- _AIM OF THE TASK_:
Within the listing below, please copy exactly the lines between the line holding "Definition rrh_degree (c" and the line holding "(N : nat) (ev", inclusive.

- _INFORMATION SHOWN_:
▼▼▼

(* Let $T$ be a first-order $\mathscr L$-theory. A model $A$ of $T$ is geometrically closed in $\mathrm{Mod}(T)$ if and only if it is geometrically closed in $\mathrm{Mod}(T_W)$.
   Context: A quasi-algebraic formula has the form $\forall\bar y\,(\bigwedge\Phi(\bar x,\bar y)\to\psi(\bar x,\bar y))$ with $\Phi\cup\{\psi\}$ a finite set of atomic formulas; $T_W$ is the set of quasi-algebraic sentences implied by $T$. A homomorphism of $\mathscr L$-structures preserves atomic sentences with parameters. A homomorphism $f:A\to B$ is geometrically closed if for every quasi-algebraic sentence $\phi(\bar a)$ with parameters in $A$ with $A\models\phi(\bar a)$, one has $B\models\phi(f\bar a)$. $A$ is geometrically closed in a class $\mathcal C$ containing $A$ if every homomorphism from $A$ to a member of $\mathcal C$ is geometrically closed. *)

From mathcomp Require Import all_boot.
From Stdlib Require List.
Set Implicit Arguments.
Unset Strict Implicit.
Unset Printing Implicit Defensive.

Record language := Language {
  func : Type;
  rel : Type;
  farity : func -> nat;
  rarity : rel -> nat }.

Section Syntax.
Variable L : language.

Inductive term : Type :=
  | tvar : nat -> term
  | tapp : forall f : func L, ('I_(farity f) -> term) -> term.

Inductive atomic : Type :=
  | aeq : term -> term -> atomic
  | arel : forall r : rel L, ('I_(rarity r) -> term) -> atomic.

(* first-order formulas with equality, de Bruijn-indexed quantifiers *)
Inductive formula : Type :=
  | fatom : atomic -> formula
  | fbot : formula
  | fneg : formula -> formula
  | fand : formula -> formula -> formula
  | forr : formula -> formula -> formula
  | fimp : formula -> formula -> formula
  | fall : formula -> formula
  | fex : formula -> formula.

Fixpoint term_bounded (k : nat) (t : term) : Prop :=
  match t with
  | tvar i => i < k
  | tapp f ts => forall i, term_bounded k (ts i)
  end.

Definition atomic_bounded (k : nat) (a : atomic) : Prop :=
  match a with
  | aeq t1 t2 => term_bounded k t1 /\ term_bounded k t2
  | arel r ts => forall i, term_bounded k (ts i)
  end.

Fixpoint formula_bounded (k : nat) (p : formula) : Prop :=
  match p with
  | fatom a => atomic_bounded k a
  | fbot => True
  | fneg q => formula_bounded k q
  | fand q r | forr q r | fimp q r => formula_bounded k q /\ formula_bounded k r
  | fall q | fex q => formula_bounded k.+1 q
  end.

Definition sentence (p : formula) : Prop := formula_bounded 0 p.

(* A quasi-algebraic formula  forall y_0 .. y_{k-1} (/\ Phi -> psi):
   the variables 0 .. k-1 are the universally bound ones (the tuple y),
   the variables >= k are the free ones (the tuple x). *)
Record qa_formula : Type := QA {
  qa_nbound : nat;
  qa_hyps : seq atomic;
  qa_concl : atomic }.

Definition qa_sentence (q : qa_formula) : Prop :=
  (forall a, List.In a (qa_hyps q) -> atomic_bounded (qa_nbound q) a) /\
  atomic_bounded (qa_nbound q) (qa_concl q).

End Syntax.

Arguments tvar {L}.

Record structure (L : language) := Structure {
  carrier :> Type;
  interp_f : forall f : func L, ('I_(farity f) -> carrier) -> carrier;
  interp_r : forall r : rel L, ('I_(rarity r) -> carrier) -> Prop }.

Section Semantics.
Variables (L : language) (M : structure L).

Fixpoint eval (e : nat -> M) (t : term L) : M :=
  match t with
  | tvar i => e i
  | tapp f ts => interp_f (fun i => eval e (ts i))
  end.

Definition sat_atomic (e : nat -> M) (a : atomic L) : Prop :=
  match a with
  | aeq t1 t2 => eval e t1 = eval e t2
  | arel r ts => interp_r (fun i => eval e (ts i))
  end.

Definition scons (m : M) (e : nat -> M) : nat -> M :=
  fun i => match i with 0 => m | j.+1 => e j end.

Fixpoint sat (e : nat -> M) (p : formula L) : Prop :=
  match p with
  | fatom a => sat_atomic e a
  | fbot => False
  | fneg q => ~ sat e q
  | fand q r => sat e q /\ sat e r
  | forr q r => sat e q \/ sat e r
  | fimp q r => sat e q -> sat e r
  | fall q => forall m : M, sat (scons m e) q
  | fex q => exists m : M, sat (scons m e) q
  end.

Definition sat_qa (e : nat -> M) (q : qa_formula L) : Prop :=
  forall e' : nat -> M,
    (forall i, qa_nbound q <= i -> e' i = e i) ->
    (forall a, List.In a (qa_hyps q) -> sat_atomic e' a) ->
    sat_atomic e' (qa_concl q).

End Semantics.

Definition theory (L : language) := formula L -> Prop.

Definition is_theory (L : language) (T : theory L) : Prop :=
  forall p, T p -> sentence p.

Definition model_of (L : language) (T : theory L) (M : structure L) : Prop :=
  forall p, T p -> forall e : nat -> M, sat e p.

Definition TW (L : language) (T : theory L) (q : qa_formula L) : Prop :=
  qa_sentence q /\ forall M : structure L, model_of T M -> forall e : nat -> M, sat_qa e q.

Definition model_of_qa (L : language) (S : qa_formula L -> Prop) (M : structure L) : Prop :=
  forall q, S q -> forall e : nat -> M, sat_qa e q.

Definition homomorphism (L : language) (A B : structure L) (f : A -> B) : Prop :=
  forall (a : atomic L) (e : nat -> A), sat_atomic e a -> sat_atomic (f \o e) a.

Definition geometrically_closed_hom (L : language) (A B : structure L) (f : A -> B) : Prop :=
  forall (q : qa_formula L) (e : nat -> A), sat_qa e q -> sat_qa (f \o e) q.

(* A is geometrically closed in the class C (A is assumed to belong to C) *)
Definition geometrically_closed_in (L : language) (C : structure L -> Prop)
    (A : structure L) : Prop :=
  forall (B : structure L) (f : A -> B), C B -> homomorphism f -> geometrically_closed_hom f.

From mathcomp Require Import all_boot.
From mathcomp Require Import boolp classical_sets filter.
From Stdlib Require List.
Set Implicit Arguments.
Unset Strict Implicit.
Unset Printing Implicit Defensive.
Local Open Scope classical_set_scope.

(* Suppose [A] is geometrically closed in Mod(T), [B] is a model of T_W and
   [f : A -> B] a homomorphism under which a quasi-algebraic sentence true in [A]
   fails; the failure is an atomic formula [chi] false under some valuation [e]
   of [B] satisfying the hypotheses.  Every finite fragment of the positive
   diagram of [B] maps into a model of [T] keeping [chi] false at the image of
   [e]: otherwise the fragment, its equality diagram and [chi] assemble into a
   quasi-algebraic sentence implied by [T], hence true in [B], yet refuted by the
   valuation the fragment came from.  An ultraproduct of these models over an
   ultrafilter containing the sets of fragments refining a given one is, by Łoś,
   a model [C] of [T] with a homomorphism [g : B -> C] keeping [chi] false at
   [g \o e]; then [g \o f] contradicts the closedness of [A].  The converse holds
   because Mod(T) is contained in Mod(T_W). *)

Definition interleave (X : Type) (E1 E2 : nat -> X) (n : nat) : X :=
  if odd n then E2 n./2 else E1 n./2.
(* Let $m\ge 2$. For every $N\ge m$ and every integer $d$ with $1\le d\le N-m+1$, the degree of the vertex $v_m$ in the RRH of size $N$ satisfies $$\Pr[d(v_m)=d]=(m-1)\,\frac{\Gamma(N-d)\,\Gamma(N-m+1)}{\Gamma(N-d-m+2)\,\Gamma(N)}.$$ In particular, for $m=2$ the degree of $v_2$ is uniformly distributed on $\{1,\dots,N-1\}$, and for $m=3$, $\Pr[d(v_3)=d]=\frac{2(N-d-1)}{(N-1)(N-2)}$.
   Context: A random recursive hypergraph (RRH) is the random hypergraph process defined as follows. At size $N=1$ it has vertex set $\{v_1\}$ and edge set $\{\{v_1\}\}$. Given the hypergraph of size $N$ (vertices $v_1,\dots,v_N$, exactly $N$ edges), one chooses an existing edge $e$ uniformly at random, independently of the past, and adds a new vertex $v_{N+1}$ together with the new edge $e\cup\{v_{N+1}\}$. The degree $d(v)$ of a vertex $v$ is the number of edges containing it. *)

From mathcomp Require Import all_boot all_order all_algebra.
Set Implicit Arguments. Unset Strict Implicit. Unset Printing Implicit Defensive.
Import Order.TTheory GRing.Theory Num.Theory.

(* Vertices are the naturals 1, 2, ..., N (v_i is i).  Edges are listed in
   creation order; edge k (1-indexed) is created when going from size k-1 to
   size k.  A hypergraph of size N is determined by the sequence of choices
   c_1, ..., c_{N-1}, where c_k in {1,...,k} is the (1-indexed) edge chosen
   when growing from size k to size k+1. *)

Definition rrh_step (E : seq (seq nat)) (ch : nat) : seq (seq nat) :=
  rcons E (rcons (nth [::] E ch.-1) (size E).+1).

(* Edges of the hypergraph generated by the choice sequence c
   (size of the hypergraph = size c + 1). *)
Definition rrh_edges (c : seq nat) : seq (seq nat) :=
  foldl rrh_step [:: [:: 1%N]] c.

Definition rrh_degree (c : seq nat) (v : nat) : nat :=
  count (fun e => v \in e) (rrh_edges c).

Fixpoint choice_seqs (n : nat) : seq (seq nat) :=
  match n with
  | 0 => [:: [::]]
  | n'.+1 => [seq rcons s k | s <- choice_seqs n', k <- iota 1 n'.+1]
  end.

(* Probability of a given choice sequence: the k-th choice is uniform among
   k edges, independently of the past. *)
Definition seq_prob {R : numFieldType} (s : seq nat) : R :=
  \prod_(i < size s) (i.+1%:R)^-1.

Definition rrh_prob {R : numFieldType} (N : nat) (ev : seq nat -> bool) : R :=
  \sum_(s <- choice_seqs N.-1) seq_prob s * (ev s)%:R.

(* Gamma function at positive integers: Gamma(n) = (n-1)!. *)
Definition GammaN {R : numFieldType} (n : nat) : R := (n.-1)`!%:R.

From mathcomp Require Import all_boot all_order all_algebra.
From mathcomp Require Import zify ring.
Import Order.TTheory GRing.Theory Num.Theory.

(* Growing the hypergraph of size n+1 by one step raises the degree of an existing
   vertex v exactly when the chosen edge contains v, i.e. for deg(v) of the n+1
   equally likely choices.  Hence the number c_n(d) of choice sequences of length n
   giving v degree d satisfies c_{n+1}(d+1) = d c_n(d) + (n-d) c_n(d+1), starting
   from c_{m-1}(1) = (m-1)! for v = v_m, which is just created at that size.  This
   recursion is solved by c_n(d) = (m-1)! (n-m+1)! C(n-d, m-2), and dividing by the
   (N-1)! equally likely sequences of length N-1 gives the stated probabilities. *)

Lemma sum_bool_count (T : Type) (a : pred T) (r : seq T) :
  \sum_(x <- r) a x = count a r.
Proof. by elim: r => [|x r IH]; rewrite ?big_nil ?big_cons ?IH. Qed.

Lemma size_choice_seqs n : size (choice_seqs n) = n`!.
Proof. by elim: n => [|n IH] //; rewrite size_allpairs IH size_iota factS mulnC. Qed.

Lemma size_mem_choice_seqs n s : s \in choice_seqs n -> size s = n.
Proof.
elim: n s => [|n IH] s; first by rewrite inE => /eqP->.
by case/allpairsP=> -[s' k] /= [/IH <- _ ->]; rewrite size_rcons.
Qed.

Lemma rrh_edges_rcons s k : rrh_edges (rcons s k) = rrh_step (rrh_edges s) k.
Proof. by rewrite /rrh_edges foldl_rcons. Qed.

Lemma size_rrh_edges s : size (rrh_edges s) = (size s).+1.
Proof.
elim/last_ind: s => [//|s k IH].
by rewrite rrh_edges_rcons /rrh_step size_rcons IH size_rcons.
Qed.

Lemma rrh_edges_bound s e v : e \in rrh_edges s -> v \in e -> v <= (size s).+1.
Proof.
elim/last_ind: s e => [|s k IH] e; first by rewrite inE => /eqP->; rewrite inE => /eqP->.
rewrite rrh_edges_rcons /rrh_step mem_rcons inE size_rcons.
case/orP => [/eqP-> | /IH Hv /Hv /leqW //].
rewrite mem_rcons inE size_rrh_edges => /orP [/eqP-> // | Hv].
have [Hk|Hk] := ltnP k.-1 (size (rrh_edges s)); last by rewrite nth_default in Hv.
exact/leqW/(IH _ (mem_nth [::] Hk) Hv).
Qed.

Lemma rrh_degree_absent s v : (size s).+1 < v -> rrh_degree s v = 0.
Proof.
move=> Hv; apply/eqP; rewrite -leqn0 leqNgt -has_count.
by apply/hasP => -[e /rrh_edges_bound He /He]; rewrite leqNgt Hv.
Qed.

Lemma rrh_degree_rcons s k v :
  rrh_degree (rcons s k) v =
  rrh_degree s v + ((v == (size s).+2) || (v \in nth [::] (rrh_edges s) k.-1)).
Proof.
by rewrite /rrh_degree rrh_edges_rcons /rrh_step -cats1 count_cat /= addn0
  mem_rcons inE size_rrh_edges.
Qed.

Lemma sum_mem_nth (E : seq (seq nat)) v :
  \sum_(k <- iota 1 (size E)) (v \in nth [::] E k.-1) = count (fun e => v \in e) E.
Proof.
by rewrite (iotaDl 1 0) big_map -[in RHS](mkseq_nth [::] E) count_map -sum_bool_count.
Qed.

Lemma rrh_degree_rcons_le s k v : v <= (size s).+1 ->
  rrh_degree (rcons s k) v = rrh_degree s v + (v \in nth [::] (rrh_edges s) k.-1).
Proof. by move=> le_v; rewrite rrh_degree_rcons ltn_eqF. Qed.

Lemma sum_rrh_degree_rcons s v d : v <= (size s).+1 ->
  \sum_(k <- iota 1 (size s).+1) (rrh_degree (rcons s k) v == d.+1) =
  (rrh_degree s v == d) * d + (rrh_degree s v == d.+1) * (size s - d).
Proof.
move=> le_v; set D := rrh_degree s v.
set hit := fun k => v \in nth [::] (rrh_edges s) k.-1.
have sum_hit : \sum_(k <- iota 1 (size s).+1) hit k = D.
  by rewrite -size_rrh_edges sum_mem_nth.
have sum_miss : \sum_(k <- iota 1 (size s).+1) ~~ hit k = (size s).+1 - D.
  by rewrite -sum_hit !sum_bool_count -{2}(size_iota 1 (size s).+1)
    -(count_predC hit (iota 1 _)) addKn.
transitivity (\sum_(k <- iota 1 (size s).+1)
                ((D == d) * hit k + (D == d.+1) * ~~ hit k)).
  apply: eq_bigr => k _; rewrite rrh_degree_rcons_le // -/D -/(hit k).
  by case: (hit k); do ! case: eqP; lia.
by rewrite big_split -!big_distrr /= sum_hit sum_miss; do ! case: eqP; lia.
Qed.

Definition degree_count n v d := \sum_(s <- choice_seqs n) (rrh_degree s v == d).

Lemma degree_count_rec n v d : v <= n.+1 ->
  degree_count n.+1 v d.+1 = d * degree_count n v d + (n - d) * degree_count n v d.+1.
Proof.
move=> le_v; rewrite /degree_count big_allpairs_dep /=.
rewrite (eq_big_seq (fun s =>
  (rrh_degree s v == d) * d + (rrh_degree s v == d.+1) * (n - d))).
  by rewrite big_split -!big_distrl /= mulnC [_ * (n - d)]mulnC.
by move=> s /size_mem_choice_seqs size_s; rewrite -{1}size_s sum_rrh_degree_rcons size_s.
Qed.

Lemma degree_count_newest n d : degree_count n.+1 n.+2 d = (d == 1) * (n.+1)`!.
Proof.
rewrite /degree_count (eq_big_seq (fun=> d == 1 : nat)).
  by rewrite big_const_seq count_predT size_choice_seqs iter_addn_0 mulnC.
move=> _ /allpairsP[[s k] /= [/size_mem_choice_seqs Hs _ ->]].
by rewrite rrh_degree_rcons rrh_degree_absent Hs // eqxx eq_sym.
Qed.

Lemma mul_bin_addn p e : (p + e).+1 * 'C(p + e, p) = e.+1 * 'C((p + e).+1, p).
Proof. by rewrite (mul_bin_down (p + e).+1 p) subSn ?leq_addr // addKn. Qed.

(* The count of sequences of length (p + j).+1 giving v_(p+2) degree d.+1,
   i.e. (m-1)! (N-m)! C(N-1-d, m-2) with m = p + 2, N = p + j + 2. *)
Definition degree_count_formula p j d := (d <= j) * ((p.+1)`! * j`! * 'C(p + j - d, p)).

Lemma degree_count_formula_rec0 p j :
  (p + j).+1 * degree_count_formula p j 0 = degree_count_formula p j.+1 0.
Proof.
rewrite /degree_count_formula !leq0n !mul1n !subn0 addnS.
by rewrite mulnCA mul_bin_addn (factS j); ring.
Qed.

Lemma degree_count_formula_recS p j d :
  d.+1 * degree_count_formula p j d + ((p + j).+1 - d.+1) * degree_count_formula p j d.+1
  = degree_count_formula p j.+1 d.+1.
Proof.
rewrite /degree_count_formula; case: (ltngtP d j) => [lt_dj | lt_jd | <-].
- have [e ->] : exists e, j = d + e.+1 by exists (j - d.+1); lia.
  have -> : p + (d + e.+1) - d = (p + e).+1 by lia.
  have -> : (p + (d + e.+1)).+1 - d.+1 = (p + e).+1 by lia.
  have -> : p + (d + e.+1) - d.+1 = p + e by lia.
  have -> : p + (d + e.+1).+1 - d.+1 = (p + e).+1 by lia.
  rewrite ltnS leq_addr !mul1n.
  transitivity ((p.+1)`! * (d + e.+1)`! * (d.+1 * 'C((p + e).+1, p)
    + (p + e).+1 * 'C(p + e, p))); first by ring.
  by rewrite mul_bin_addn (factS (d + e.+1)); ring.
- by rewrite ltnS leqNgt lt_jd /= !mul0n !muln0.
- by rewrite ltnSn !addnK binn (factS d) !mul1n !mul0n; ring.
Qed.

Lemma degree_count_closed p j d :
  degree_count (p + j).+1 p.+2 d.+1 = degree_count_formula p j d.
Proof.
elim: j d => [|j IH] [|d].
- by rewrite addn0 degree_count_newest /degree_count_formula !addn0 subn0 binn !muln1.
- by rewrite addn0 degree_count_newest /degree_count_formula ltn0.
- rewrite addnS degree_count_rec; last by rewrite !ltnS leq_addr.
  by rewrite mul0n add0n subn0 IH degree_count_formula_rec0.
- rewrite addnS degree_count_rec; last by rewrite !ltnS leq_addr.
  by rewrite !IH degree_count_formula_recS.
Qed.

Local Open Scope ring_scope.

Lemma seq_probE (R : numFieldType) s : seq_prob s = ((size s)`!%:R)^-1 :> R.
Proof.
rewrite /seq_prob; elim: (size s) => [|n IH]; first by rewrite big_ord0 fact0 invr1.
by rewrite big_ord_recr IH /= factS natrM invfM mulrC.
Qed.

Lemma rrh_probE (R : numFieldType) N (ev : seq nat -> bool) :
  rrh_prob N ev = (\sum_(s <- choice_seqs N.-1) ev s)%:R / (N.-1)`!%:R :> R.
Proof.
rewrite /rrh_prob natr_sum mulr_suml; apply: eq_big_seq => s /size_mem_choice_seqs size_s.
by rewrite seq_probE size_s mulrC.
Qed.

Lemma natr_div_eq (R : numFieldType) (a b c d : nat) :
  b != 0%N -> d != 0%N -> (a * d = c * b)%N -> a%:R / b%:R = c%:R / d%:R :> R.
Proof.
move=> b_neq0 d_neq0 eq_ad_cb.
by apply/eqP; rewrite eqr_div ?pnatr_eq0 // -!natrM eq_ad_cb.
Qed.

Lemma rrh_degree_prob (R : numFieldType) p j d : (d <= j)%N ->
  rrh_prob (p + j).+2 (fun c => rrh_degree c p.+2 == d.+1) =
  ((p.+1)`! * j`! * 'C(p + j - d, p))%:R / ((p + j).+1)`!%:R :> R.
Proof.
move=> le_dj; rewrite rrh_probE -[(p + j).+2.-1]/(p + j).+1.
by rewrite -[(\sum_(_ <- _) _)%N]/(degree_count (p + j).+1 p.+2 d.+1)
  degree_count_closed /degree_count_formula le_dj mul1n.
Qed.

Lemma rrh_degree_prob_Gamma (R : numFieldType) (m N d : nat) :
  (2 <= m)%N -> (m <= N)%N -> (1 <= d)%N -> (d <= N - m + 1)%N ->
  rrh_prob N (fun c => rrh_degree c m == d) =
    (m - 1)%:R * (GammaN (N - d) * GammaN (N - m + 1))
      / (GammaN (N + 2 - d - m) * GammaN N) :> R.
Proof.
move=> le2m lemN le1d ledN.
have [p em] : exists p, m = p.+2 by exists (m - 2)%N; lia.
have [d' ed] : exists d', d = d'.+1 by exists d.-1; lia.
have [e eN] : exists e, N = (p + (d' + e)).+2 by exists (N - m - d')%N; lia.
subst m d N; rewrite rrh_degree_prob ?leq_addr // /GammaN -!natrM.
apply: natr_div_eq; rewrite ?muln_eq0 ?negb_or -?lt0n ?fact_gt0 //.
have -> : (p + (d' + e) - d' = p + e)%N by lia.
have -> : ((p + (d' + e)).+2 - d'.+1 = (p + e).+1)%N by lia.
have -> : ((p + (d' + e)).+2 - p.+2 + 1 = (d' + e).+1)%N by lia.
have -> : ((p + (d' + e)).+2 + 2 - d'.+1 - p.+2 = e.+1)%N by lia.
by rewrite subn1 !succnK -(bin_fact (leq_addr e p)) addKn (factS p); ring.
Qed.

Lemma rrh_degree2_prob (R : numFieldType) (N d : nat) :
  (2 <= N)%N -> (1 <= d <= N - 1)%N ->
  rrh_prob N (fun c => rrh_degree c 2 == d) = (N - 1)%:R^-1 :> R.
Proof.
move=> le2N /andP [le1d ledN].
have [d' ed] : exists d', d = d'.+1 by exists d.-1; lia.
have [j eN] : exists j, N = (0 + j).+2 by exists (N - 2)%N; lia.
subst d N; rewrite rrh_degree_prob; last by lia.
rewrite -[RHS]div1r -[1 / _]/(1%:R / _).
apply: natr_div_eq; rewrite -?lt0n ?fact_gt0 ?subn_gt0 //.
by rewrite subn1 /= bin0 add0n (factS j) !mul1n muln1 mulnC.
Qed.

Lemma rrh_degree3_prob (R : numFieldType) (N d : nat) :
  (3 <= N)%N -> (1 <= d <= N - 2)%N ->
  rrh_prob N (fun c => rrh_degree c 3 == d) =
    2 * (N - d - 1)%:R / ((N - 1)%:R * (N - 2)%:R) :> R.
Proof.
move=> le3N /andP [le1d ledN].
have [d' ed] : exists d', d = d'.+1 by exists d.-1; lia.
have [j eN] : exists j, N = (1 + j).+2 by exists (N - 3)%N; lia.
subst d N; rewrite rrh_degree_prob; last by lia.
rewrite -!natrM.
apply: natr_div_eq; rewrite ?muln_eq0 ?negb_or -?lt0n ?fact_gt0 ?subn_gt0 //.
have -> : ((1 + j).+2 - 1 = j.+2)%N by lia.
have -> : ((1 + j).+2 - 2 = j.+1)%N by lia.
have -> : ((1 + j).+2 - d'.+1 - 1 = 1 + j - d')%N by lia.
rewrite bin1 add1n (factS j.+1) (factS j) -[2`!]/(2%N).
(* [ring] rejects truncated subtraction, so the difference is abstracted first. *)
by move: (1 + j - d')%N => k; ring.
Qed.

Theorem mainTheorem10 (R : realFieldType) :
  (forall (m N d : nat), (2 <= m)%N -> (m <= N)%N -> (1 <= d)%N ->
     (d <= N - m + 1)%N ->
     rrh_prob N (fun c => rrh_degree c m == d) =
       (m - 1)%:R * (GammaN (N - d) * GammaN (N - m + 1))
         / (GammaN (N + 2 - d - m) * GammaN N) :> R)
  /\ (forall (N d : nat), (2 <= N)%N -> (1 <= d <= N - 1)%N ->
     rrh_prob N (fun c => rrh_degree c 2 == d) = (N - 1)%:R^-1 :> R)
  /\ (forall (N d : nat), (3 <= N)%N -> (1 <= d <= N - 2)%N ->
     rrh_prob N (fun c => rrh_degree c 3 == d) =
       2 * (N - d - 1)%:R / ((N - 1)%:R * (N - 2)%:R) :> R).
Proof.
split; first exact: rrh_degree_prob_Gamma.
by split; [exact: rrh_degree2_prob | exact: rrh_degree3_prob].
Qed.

▲▲▲

- _REPLY_:
Definition rrh_degree (c : seq nat) (v : nat) : nat :=
  count (fun e => v \in e) (rrh_edges c).

Fixpoint choice_seqs (n : nat) : seq (seq nat) :=
  match n with
  | 0 => [:: [::]]
  | n'.+1 => [seq rcons s k | s <- choice_seqs n', k <- iota 1 n'.+1]
  end.

(* Probability of a given choice sequence: the k-th choice is uniform among
   k edges, independently of the past. *)
Definition seq_prob {R : numFieldType} (s : seq nat) : R :=
  \prod_(i < size s) (i.+1%:R)^-1.

Definition rrh_prob {R : numFieldType} (N : nat) (ev : seq nat -> bool) : R :=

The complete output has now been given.